#### [THE INPUT]
◆ ◆ ◆ ◆

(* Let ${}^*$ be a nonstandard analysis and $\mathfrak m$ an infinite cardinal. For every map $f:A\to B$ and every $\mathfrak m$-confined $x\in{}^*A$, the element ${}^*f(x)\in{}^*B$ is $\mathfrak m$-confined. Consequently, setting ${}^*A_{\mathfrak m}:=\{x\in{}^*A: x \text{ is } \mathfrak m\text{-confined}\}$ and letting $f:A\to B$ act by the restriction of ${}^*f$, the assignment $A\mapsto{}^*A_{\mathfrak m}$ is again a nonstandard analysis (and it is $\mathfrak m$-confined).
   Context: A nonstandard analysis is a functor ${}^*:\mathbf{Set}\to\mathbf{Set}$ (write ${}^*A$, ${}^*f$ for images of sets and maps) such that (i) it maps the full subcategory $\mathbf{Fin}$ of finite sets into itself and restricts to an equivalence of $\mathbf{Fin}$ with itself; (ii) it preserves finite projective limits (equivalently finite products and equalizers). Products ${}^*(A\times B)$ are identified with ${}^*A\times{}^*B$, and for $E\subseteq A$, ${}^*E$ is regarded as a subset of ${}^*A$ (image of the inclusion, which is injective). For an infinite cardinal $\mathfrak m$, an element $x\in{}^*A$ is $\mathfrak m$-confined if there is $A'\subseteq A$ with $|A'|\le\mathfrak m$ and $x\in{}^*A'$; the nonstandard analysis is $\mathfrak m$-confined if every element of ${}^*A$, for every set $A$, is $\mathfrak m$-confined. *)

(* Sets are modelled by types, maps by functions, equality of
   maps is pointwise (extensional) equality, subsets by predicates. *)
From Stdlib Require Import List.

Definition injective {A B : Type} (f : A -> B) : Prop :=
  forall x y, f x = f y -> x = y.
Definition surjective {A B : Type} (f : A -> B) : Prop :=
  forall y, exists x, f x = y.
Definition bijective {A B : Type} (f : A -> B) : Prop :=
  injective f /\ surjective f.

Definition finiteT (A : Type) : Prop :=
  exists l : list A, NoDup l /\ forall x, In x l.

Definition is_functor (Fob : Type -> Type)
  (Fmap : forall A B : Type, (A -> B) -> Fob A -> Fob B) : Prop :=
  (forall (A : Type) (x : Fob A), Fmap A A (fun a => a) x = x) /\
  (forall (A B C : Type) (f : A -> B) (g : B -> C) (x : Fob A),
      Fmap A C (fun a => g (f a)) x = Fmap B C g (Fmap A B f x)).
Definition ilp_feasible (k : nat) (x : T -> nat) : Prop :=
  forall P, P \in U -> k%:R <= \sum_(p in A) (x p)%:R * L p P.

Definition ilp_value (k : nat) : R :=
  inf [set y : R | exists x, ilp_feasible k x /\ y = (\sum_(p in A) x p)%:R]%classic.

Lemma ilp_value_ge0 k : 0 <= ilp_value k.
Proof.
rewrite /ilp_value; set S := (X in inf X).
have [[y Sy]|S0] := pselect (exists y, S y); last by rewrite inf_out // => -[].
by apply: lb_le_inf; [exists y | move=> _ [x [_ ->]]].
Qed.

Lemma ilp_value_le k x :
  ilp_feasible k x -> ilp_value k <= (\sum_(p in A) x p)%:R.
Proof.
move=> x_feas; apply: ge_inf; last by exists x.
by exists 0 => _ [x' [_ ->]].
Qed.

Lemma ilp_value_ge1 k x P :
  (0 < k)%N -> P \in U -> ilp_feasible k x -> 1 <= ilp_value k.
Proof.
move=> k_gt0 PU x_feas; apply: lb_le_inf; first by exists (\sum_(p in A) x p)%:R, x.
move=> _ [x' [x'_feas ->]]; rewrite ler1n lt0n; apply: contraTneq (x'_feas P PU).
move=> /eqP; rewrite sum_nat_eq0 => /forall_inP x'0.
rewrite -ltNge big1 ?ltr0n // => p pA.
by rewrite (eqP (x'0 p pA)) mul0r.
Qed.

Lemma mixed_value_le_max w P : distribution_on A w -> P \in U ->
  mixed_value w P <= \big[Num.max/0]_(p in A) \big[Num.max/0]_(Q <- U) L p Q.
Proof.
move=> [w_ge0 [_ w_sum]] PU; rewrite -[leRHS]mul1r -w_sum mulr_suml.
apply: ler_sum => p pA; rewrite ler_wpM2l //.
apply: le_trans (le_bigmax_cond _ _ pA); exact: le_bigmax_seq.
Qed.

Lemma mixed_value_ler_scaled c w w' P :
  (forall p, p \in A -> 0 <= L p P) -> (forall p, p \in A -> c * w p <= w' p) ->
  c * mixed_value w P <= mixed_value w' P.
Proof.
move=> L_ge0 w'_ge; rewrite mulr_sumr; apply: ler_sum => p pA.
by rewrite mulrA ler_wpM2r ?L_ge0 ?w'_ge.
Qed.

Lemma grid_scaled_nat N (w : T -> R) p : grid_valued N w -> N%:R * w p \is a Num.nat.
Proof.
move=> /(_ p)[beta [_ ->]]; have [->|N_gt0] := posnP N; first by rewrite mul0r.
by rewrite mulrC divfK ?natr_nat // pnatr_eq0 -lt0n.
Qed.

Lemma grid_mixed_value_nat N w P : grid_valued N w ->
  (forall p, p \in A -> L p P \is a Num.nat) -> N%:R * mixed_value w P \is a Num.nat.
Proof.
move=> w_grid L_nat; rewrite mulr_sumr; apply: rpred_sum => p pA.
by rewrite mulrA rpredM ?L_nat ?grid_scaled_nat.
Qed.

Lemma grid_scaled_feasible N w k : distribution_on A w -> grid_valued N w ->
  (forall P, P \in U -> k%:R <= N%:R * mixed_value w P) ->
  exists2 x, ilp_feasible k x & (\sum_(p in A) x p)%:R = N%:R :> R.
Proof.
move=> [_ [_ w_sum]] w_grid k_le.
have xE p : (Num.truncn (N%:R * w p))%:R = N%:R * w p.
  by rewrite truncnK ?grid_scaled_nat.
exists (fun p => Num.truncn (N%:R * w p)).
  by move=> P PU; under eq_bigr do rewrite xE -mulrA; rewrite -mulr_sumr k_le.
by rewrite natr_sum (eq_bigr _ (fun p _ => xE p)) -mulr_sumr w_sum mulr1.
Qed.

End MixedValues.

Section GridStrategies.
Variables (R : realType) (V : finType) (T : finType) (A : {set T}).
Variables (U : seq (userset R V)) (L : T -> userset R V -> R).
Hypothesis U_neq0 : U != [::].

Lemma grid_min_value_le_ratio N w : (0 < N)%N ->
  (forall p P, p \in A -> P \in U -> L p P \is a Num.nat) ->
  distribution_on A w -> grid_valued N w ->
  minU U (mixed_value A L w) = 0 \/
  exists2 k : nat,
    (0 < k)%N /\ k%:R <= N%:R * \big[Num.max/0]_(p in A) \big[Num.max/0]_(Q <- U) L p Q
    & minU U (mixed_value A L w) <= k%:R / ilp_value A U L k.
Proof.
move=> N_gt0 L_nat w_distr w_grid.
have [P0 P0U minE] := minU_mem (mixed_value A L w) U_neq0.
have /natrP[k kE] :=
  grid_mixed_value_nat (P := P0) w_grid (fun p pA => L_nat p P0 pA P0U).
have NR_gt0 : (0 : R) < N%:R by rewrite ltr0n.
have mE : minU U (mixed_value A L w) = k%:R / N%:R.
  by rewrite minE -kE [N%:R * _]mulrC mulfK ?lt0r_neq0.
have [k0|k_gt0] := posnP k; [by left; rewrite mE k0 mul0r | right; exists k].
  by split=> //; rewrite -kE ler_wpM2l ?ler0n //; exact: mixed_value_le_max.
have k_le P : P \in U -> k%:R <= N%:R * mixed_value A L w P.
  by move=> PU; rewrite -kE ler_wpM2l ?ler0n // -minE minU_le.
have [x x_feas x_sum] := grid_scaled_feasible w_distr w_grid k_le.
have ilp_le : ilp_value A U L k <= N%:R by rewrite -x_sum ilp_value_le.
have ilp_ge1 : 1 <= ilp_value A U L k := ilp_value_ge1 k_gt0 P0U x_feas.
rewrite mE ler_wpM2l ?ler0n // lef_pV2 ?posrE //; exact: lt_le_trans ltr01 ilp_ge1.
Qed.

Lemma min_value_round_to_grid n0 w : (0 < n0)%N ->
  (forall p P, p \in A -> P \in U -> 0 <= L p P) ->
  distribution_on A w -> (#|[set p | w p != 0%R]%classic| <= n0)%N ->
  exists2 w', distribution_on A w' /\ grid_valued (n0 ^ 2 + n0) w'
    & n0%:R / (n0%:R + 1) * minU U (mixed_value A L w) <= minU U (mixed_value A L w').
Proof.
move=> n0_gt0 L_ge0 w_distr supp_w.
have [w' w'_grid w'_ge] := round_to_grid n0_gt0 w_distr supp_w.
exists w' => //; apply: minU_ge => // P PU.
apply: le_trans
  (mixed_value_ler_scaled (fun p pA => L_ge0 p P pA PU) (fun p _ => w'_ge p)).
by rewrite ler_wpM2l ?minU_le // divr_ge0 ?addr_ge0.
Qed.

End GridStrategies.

◆ ◆ ◆ ◆

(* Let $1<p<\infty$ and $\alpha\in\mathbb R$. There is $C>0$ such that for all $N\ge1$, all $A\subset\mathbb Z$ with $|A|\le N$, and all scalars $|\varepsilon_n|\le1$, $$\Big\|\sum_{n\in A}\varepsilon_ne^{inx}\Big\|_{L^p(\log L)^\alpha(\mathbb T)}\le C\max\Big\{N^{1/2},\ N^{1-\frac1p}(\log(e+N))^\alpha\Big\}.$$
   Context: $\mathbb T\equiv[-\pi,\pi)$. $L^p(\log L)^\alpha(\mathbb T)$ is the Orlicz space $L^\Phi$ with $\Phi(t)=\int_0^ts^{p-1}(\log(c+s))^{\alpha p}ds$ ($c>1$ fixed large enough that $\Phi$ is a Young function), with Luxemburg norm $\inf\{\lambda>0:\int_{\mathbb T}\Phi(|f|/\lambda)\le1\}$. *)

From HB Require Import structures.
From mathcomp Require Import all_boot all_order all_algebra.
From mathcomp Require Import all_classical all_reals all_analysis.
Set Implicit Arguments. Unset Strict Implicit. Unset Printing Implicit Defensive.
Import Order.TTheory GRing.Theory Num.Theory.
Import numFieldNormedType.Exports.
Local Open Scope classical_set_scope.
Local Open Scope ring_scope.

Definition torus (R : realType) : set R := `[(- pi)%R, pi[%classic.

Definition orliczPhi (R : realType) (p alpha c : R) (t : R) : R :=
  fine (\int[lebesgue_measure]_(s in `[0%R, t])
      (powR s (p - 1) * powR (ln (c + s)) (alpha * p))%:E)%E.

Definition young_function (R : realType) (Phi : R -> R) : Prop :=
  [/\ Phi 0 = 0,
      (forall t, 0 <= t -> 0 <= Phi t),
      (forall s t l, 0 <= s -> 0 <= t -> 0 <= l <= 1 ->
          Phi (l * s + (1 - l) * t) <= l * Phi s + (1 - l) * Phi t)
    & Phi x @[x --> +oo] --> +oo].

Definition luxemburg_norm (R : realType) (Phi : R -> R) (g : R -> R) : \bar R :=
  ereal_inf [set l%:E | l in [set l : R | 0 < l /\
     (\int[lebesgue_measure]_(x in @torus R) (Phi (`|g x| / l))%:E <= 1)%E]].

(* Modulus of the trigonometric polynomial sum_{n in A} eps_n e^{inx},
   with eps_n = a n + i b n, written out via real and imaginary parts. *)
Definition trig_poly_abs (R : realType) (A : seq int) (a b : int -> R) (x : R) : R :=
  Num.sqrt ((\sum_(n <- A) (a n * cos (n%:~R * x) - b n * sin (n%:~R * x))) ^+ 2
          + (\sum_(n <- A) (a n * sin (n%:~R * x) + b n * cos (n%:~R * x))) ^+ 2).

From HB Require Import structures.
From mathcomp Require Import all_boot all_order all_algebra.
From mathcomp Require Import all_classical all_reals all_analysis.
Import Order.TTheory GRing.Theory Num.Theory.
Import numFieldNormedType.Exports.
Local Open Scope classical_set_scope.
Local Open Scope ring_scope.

◆ ◆ ◆ ◆

Pull from the data each line where the string "exact" turns up.

apply: le_trans (le_bigmax_cond _ _ pA); exact: le_bigmax_seq.
  by split=> //; rewrite -kE ler_wpM2l ?ler0n //; exact: mixed_value_le_max.
rewrite mE ler_wpM2l ?ler0n // lef_pV2 ?posrE //; exact: lt_le_trans ltr01 ilp_ge1.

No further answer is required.